Transcendentalism was also an ethical guide to life for a young nation of America.
New England Transcendentalism is important to American literature at least for two reasons. On the one hand, it is represented by two major writers of the country----Emerson and Thoreau. On the other hand, a new group of writers under the influence of Emerson and Thoreau began to apply transcendental ideas in their works.

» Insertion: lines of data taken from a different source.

(* Let $D$ be a positive integer and $G$ a connected graph of maximum degree at most $D$. Then for every set $S$ of $n$ vertices of $G$, there exist at least $\lceil (n-1)/D\rceil$ pairwise vertex-disjoint paths in $G$, each having two distinct endpoints, both of which belong to $S$. *)

From mathcomp Require Import all_boot.
Set Implicit Arguments. Unset Strict Implicit. Unset Printing Implicit Defensive.

Section Graphs.
Variable T : finType.

Definition simple_graph (e : rel T) : Prop := symmetric e /\ irreflexive e.

Definition neighbours (e : rel T) (v : T) : {set T} := [set u | e v u].
Definition max_degree_le (e : rel T) (D : nat) : Prop :=
  forall v : T, #|neighbours e v| <= D.

Definition connected_graph (e : rel T) : Prop := forall x y : T, connect e x y.

Definition S_path (e : rel T) (S : {set T}) (p : seq T) : bool :=
  if p is x :: s then
    [&& path e x s, uniq p, x != last x s, x \in S & last x s \in S]
  else false.

Definition disjoint_S_paths (e : rel T) (S : {set T}) (P : seq (seq T)) : bool :=
  all (S_path e S) P && pairwise (fun p q : seq T => [disjoint p & q]) P.
End Graphs.

(* ceiling of a / b for b > 0 (natural numbers) *)
Definition ceil_div (a b : nat) : nat := (a + b.-1) %/ b.

From mathcomp Require Import all_boot zify.
Set Implicit Arguments. Unset Strict Implicit. Unset Printing Implicit Defensive.

(* Fix a breadth-first spanning tree rooted at r, given by a parent map p that
   strictly decreases the depth h.  Let v be a deepest vertex whose subtree
   contains two vertices of S.  Every child subtree of v contains at most one
   vertex of S, so the subtree of v contains at most 1 + #children vertices of
   S, and #children <= D - 1 unless v is the root.  Join two of these vertices
   by a path inside the subtree, delete the subtree (which keeps the rest of
   the tree closed under p) and recurse: each path costs at most D vertices of
   S, except the last one, which may use all the remaining D + 1. *)

Lemma ceil_div0 D : 0 < D -> ceil_div 0 D = 0.
Proof. by move=> D0; rewrite /ceil_div add0n divn_small // prednK. Qed.

Lemma ceil_div_leS a b D : 0 < D -> a <= D + b -> ceil_div a D <= (ceil_div b D).+1.
Proof.
move=> D0 le_ab; rewrite /ceil_div.
apply: (@leq_trans ((b + D.-1 + 1 * D) %/ D)); last by rewrite divnDMl // addn1.
by apply: leq_div2r; rewrite mul1n addnAC leq_add2r addnC.
Qed.

Section Graph.
Variables (T : finType) (e : rel T).
Implicit Types (A W : {set T}) (x y v c : T).

Definition induced (A : {set T}) : rel T := [rel x y | [&& x \in A, y \in A & e x y]].

Lemma induced_sym A : symmetric e -> symmetric (induced A).
Proof. by move=> esym x y; rewrite /induced /= esym andbCA andbA. Qed.

Lemma path_induced_sub A x (s : seq T) :
  x \in A -> path (induced A) x s -> {subset x :: s <= A}.
Proof.
elim: s x => [|y s IHs] x xA /=; first by move=> _ z; rewrite inE => /eqP->.
case/andP=> /and3P[_ yA _] /(IHs _ yA) sA z; rewrite inE => /orP[/eqP->//|].
exact: sA.
Qed.

Lemma exists_S_path_within (S A : {set T}) a b :
  a \in S -> b \in S -> a != b -> a \in A -> connect (induced A) a b ->
  exists q, S_path e S q /\ {subset q <= A}.
Proof.
move=> aS bS ab aA /connectP[s ps bE]; rewrite {}bE in bS ab.
case/shortenP: ps bS ab => s' ps' us' _ bS ab.
exists (a :: s'); split; last exact: path_induced_sub ps'.
by rewrite /S_path us' ab aS bS (sub_path _ ps') // => x y /and3P[].
Qed.

Definition parent_tree (r : T) (p : T -> T) (h : T -> nat) : Prop :=
  p r = r /\ forall x, x != r -> e x (p x) /\ h (p x) < h x.

Lemma exists_parent_tree r : connected_graph e -> exists p h, parent_tree r p h.
Proof.
move=> conn.
pose fix ball k : {set T} :=
  if k is k'.+1 then ball k' :|: [set x | [exists y in ball k', e x y]] else [set r].
have in_ball x : exists k, x \in ball k.
  have /connectP[s] := conn x r.
  elim: s x => [|y s IHs] x /=; first by move=> _ <-; exists 0; rewrite inE.
  case/andP=> exy ps /(IHs _ ps)[k yk]; exists k.+1.
  by rewrite /= !inE; apply/orP; right; apply/existsP; exists y; rewrite yk.
pose h x := ex_minn (in_ball x).
have h_ball x : x \in ball (h x) by rewrite /h; case: ex_minnP.
have h_min x k : x \in ball k -> h x <= k by rewrite /h; case: ex_minnP => m _; apply.
pose p x := if x == r then r
  else if [pick y | (y \in ball (h x).-1) && e x y] is Some y then y else r.
exists p, h; split=> [|x xr]; first by rewrite /p eqxx.
rewrite /p (negbTE xr).
case Ex: (h x) (h_ball x) => [|m] /=; first by rewrite inE (negbTE xr).
have x_out : x \notin ball m by apply/negP => /h_min; rewrite Ex ltnn.
rewrite inE (negbTE x_out) inE => /existsP[y /andP[ym exy]].
case: pickP => [z /andP[zm exz]|/(_ y)]; last by rewrite ym exy.
by rewrite exz (leq_ltn_trans (h_min _ _ zm)).
Qed.

Section ParentTree.
Variables (r : T) (p : T -> T) (h : T -> nat).
Hypothesis tree : parent_tree r p h.

Let p_root : p r = r := tree.1.
Let p_edge x (xr : x != r) : e x (p x) := (tree.2 x xr).1.
Let h_parent x (xr : x != r) : h (p x) < h x := (tree.2 x xr).2.

Lemma fconnect_root y : fconnect p y r.
Proof.
elim: {y}(h y).+1 {-2}y (ltnSn (h y)) => // k IH y hy.
have [->|yr] := eqVneq y r; first exact: connect0.
apply: connect_trans (fconnect1 p y) (IH _ _).
exact: leq_trans (h_parent yr) hy.
Qed.

Definition p_closed (W : {set T}) : Prop := forall x, x \in W -> p x \in W.
Definition subtree (W : {set T}) v := [set y in W | fconnect p y v].
Definition children (W : {set T}) v := [set c in W | (p c == v) && (c != v)].

Lemma iter_p_closed W k y : p_closed W -> y \in W -> iter k p y \in W.
Proof. by move=> Wc yW; elim: k => //= k; apply: Wc. Qed.

Lemma subtree_sub W v : subtree W v \subset W.
Proof. by apply/subsetP => y; rewrite inE => /andP[]. Qed.

Lemma subtree_root W : subtree W r = W.
Proof. by apply/setP => y; rewrite inE fconnect_root andbT. Qed.

Lemma mem_subtree_top W v y : p_closed W -> y \in subtree W v -> v \in W.
Proof. by move=> Wc; rewrite inE => /andP[yW /iter_findex <-]; apply: iter_p_closed. Qed.

Lemma p_closed_setD_subtree W v : p_closed W -> p_closed (W :\: subtree W v).
Proof.
move=> Wc x; rewrite !inE => /andP[xA xW]; rewrite Wc // andbT.
apply: contra xA => /andP[_ pxv]; rewrite xW.
exact: connect_trans (fconnect1 p x) pxv.
Qed.

Lemma card_setD_subtree W v : v \in W -> #|W :\: subtree W v| < #|W|.
Proof.
move=> vW; apply/proper_card/(sub_proper_trans _ (properD1 vW)).
apply/subsetP => x; rewrite !inE => /andP[xA ->]; rewrite andbT.
by apply: contraNneq xA => ->; rewrite vW connect0.
Qed.

Lemma connect_subtree W v y :
  p_closed W -> y \in subtree W v -> connect (induced (subtree W v)) y v.
Proof.
move=> Wc; rewrite inE => /andP[yW /iter_findex].
move: (findex p y v) => k; elim: k y yW => [|k IHk] y yW.
  by move=> /= ->; apply: connect0.
rewrite iterSr => itv.
have [yr|yr] := eqVneq y r.
  by subst y; apply: IHk => //; move: itv; rewrite p_root.
apply: connect_trans (connect1 _) (IHk _ (Wc _ yW) itv).
rewrite /induced /= !inE yW Wc // p_edge // andbT -itv.
by rewrite (connect_trans (fconnect1 p y)) ?fconnect_iter.
Qed.

Lemma children_neq_root W v c : c \in children W v -> c != r.
Proof.
rewrite inE => /and3P[_ /eqP pc cv]; apply: contra cv => /eqP cr.
by rewrite -pc cr p_root.
Qed.

Lemma h_children W v c : c \in children W v -> h v < h c.
Proof.
move=> cC; move: (cC) (children_neq_root cC).
by rewrite inE => /and3P[_ /eqP <- _]; apply: h_parent.
Qed.

Lemma card_children W v :
  symmetric e -> #|children W v| + (v != r) <= #|neighbours e v|.
Proof.
move=> esym.
have nbr c : c \in children W v -> e v c.
  move=> cC; move: (cC) (children_neq_root cC).
  by rewrite inE esym => /and3P[_ /eqP <- _]; apply: p_edge.
have [vr|vr] := eqVneq v r.
  by rewrite addn0; apply/subset_leq_card/subsetP => c /nbr; rewrite inE.
rewrite /neighbours [#|[set u | _]|](cardsD1 (p v)) inE p_edge // addnC leq_add2l.
apply/subset_leq_card/subsetP => c cC; rewrite !inE nbr // andbT.
by apply: contraTneq (h_children cC) => ->; rewrite -leqNgt ltnW ?h_parent.
Qed.

Lemma card_S_subtree (S W : {set T}) v : p_closed W ->
  (forall c, c \in children W v -> #|S :&: subtree W c| <= 1) ->
  #|S :&: subtree W v| <= 1 + #|children W v|.
Proof.
move=> Wc small; rewrite (cardsD1 v); apply: leq_add; first exact: leq_b1.
pose below y := iter (findex p y v).-1 p y.
have belowP y : y \in (S :&: subtree W v) :\ v ->
    below y \in children W v /\ y \in S :&: subtree W (below y).
  rewrite !inE => /and4P[yv yS yW yv_conn].
  have itv := iter_findex yv_conn; have find_lt := findex_max yv_conn.
  rewrite /below; case Ek: (findex p y v) itv find_lt => [|k] itv find_lt.
    by rewrite -itv eqxx in yv.
  rewrite yS yW fconnect_iter iter_p_closed //= -iterS itv eqxx /=.
  split=> //; apply/eqP => itk; have := findex_iter (ltnW find_lt).
  by rewrite itk Ek; lia.
rewrite -(card_in_imset (f := below)).
  by apply/subset_leq_card/subsetP => _ /imsetP[y /belowP[cC _] ->].
move=> y1 y2 /belowP[cC y1S] /belowP[_ y2S] eq12.
by apply: (card_le1_eqP (small _ cC)); rewrite // eq12.
Qed.

Section Paths.
Variables (D : nat) (S : {set T}).
Hypotheses (esym : symmetric e) (D_gt0 : 0 < D) (deg : max_degree_le e D).

Lemma split_S_path W : p_closed W -> 1 < #|S :&: W| ->
  exists v, [/\ v \in W, exists q, S_path e S q /\ {subset q <= subtree W v}
    & #|S :&: W| - 1 <= D + (#|S :&: (W :\: subtree W v)| - 1)].
Proof.
move=> Wc SW_gt1.
pose big v := 1 < #|S :&: subtree W v|.
have big_r : big r by rewrite /big subtree_root.
case: (arg_maxnP h big_r) => v big_v v_max; set A := subtree W v.
have [a [b [aSA bSA ab]]] := card_gt1P big_v.
move: aSA bSA; rewrite !in_setI => /andP[aS aA] /andP[bS bA].
have vW : v \in W := mem_subtree_top Wc aA.
exists v; split=> //.
  apply: (exists_S_path_within aS bS ab aA).
  rewrite (connect_trans (connect_subtree Wc aA)) //.
  by rewrite (sym_connect_sym (induced_sym _ esym)) connect_subtree.
have small c : c \in children W v -> #|S :&: subtree W c| <= 1.
  move=> cC; rewrite leqNgt.
  by apply: contraL (h_children cC) => /v_max; rewrite -leqNgt.
have S_A := card_S_subtree Wc small.
have deg_v := leq_trans (card_children W v esym) (deg v).
have S_W : #|S :&: W| = #|S :&: A| + #|S :&: (W :\: A)|.
  by rewrite -(cardsID A (S :&: W)) setIDA -setIA (setIidPr (subtree_sub W v)).
have S_rest : v = r -> #|S :&: (W :\: A)| = 0.
  by move=> vr; rewrite /A vr subtree_root setDv setI0 cards0.
move: S_W S_rest S_A deg_v; rewrite /A.
by case: (eqVneq v r) => [-> S_W /(_ erefl)|_ S_W _]; lia.
Qed.

Lemma disjoint_S_paths_within W : p_closed W ->
  exists P, [/\ disjoint_S_paths e S P, {in P, forall q, {subset q <= W}}
    & ceil_div (#|S :&: W| - 1) D <= size P].
Proof.
elim: {W}#|W|.+1 {-2}W (ltnSn #|W|) => // n IH W Wn Wc.
have [SW_le1|SW_gt1] := leqP #|S :&: W| 1.
  by exists [::]; split=> //; rewrite (_ : _ - 1 = 0) ?ceil_div0 //; lia.
have [v [vW [q [qS qA]] S_W]] := split_S_path Wc SW_gt1.
have [P [PS PW P_size]] := IH _ (leq_trans (card_setD_subtree vW) Wn)
  (p_closed_setD_subtree Wc).
exists (q :: P); split.
- rewrite /disjoint_S_paths /= qS; case/andP: PS => -> ->; rewrite /= andbT.
  apply/allP => q' q'P; rewrite disjoint_has; apply/hasPn => x /qA xA.
  by apply/negP => /(PW _ q'P); rewrite inE xA.
- move=> q'; rewrite inE => /orP[/eqP-> x /qA|/PW q'W x /q'W]; last first.
    by rewrite inE => /andP[].
  exact: (subsetP (subtree_sub W v)).
- by apply: leq_trans (ceil_div_leS D_gt0 S_W) _; rewrite /= ltnS.
Qed.

End Paths.
End ParentTree.
End Graph.

Theorem lemma6p3 (T : finType) (e : rel T) (D : nat) (S : {set T}) :
  0 < D -> simple_graph e -> connected_graph e -> max_degree_le e D ->
  exists P : seq (seq T),
    disjoint_S_paths e S P /\ ceil_div (#|S| - 1) D <= size P.
Proof.
move=> D_gt0 [esym _] conn deg.
have [->|[r _]] := set_0Vmem S; first by exists [::]; rewrite cards0 ceil_div0.
have [p [h tree]] := exists_parent_tree r conn.
have [|P [PS _ P_size]] := disjoint_S_paths_within tree S esym D_gt0 deg (W := setT).
  by move=> x _; rewrite in_setT.
by exists P; rewrite setIT in P_size.
Qed.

The transcendentalist movement had a small membership and only lasted for a few years, but it has exerted great impact in the country. As time passes, the term “Transcendentalism” has lost its derogatory sense and become the condensation of American romantic movement in literature of the period. It lasting importance is great. Transcendentalism, however, was never a systematic philosophy. It borrowed from many sources and reconciled few of them. Whenever the demand of logic became too insistent, it turned to mysticism. It became a rationale for the pressure toward expansionism that was already turning people’s minds to the conquest of the West. It resulted far more often in rampant individualism than in a democracy of mutual helpfulness and equal opportunity. The denial of the reality of evil tended to make moral indignation an irrelevant emotion. The failure of transcendentalism as a moral force in American life was its denial of its real spiritual origin. People used it to justify their acquisitiveness and left it up to the principle of compensation to balance the rest of the account.